Я вытаращился на него.
– Потому что оно здесь, Пол. На данный момент оно на Среднем Западе, можно сказать, в сердце Америки. Мы знаем, где оно, знаем, кто играет за команду противника. Нам известно, как они собираются вывезти оружие. Мы достаточно ясно представляем себе, когда это произойдет. Вывезут его по воздуху не раньше, чем через неделю, но не позже, чем через три.
– Если вы знаете, что оружие в Штатах, и можете указать его местонахождение...
– Дай мне закончить, Пол. – Даттнер закурил новую сигарету, на этот раз без театральных жестов. – Мы, разумеется, можем разбомбить склад.

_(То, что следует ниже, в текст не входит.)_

(* Let $E\in\mathcal Q$ be a quasi-regular hexagon and let $P\notin\mathcal Q$ be a polyiamond with $\|P\|\ge\|E\|$. Then $p(P)>p(E)$ and $s(P)>s(E)$.
   Context: Faces are the closed triangular faces of the triangular lattice $\mathbb T^2$ in $\mathbb R^2$. A polyiamond $P$ is a finite nonempty union of faces that is connected through shared edges (two faces sharing only a vertex are not adjacent); faces not in $P$ are empty faces. Its area $\|P\|$ is the number of its faces; its edge-perimeter $p(P)$ is the number of edges of $\mathbb T^2$ separating a face of $P$ from an empty face; its site-perimeter $s(P)$ is the number of empty faces sharing at least one edge with a face of $P$. For integers $d\ge1$, $a,b,c\ge0$ with $a+b,b+c,c+a\le d$, $T^d_{a,b,c}$ is the polyiamond obtained from an equilateral triangle of side length $d$ with sides on lattice lines (the union of its $d^2$ faces) by removing the equilateral sub-triangles of side lengths $a,b,c$ at its three corners; its boundary is a (possibly degenerate) hexagon with side lengths, in cyclic order, $a,\ d-a-b,\ b,\ d-b-c,\ c,\ d-c-a$, its area is $d^2-a^2-b^2-c^2$ and its edge- and site-perimeter equal $3d-a-b-c$. Quasi-regular hexagons: for $r\ge1$ let $E(r)=T^{3r}_{r,r,r}$ (regular hexagon of side $r$), $E_{B_1}(r)=T^{3r}_{r-1,r,r}$, $E_{B_2}(r)=T^{3r+1}_{r,r,r+1}$, $E_{B_3}(r)=T^{3r+1}_{r,r,r}$, $E_{B_4}(r)=T^{3r+2}_{r,r+1,r+1}$, $E_{B_5}(r)=T^{3r+2}_{r,r,r+1}$. Their areas are $6r^2,\ 6r^2+2r-1,\ 6r^2+4r,\ 6r^2+6r+1,\ 6r^2+8r+2,\ 6r^2+10r+3$, and their edge-perimeters (equal to their site-perimeters) are $6r,6r+1,\dots,6r+5$. A quasi-regular hexagon is any image of one of these under a symmetry (translation, rotation, reflection) of $\mathbb T^2$; $\mathcal Q$ denotes the set of all quasi-regular hexagons. *)

From HB Require Import structures.
From mathcomp Require Import all_boot all_order all_algebra.
From mathcomp Require Import finmap.
Set Implicit Arguments. Unset Strict Implicit. Unset Printing Implicit Defensive.
Import Order.TTheory GRing.Theory Num.Theory.
Local Open Scope ring_scope.


(* Lattice coordinates: vertices of T^2 are u*e1 + v*e2 with (u,v) in Z^2,
   e1 = (1,0), e2 = (1/2, sqrt 3/2).
   Face (x, y, false) = "up" triangle with vertices (x,y),(x+1,y),(x,y+1).
   Face (x, y, true)  = "down" triangle with vertices (x+1,y),(x,y+1),(x+1,y+1). *)
Definition face := (int * int * bool)%type.

Definition nbrs (f : face) : seq face :=
  let: (x, y, d) := f in
  if d then [:: (x, y, false); (x + 1, y, false); (x, y + 1, false)]
  else [:: (x, y, true); (x - 1, y, true); (x, y - 1, true)].

Definition adj : rel face := fun f g => g \in nbrs f.

Definition is_polyiamond (P : {fset face}) : Prop :=
  P != fset0%fset /\
  forall f g, f \in P -> g \in P ->
    exists s : seq face, all (fun h => h \in P) s /\ path adj f s /\ last f s = g.

Definition area (P : {fset face}) : nat := #|` P|%fset.

(* edge-perimeter: number of (face of P, empty neighbour) pairs, i.e. of
   lattice edges separating a face of P from an empty face. *)
Definition edge_perimeter (P : {fset face}) : nat :=
  (\sum_(f <- enum_fset P) count (fun g => g \notin P) (nbrs f))%N.

Definition site_perimeter (P : {fset face}) : nat :=
  size (undup (flatten [seq [seq g <- nbrs f | g \notin P] | f <- enum_fset P])).

(* T^d_{a,b,c}: triangle {u>=0, v>=0, u+v<=d} with corner triangles of sides
   a (at (0,0)), b (at (d,0)), c (at (0,d)) removed. *)
Definition inT (d a b c : int) (f : face) : bool :=
  let: (x, y, dn) := f in
  if dn then [&& 0 <= x, 0 <= y, x + y + 2 <= d, a < x + y + 2, x < d - b & y < d - c]
  else [&& 0 <= x, 0 <= y, x + y + 1 <= d, a < x + y + 1, x < d - b & y < d - c].

Definition inQbase (r : int) (i : nat) (f : face) : bool :=
  match i with
  | 0 => inT (3 * r) r r r f
  | 1 => inT (3 * r) (r - 1) r r f
  | 2 => inT (3 * r + 1) r r (r + 1) f
  | 3 => inT (3 * r + 1) r r r f
  | 4 => inT (3 * r + 2) r (r + 1) (r + 1) f
  | _ => inT (3 * r + 2) r r (r + 1) f
  end.

(* rotation by 60 degrees about the origin: (u,v) |-> (-v, u+v) *)
Definition rot60 (f : face) : face :=
  let: (x, y, dn) := f in
  if dn then (- y - 1, x + y + 1, false) else (- y - 1, x + y, true).
Definition refl (f : face) : face := let: (x, y, dn) := f in (y, x, dn).
Definition transl (tx ty : int) (f : face) : face :=
  let: (x, y, dn) := f in (x + tx, y + ty, dn).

– Я хотел предложить другое.
– Знаю, но мы рассматривали и такой вариант. Наши компьютеры показали, что в трех административных округах мы потеряем две трети населения, а жертвы радиоактивного заражения появятся в четырех штатах. Естественно, такого допускать нельзя.
– Логично.
– Вот-вот!.. Рассматривали мы и другие схемы. Дать им погрузить оружие на самолет и сбить его. Самолет у них с реактивными двигателями. Мы это знаем, потому что он уже в Штатах. О самолете мы имеем полную информацию, так как они украли его у нас. Не перебивай меня. Нам известно все, за исключением места, где они его прячут. Но мы наверняка засечем его при взлете и посадим на хвост перехватчиков. Однако в той команде тоже не идиоты, Пол. Они не собираются лететь над морем. Они будут держаться суши, и нам придется кончать с ними над малонаселенными регионами Южной Америки. Мы запросили компьютер, какова вероятность удачного перехвата и будут ли жертвы. В общем, наши шансы не так уж и плохи. Мы обязательно попытаемся перехватить их, но это наш последний оборонительный рубеж.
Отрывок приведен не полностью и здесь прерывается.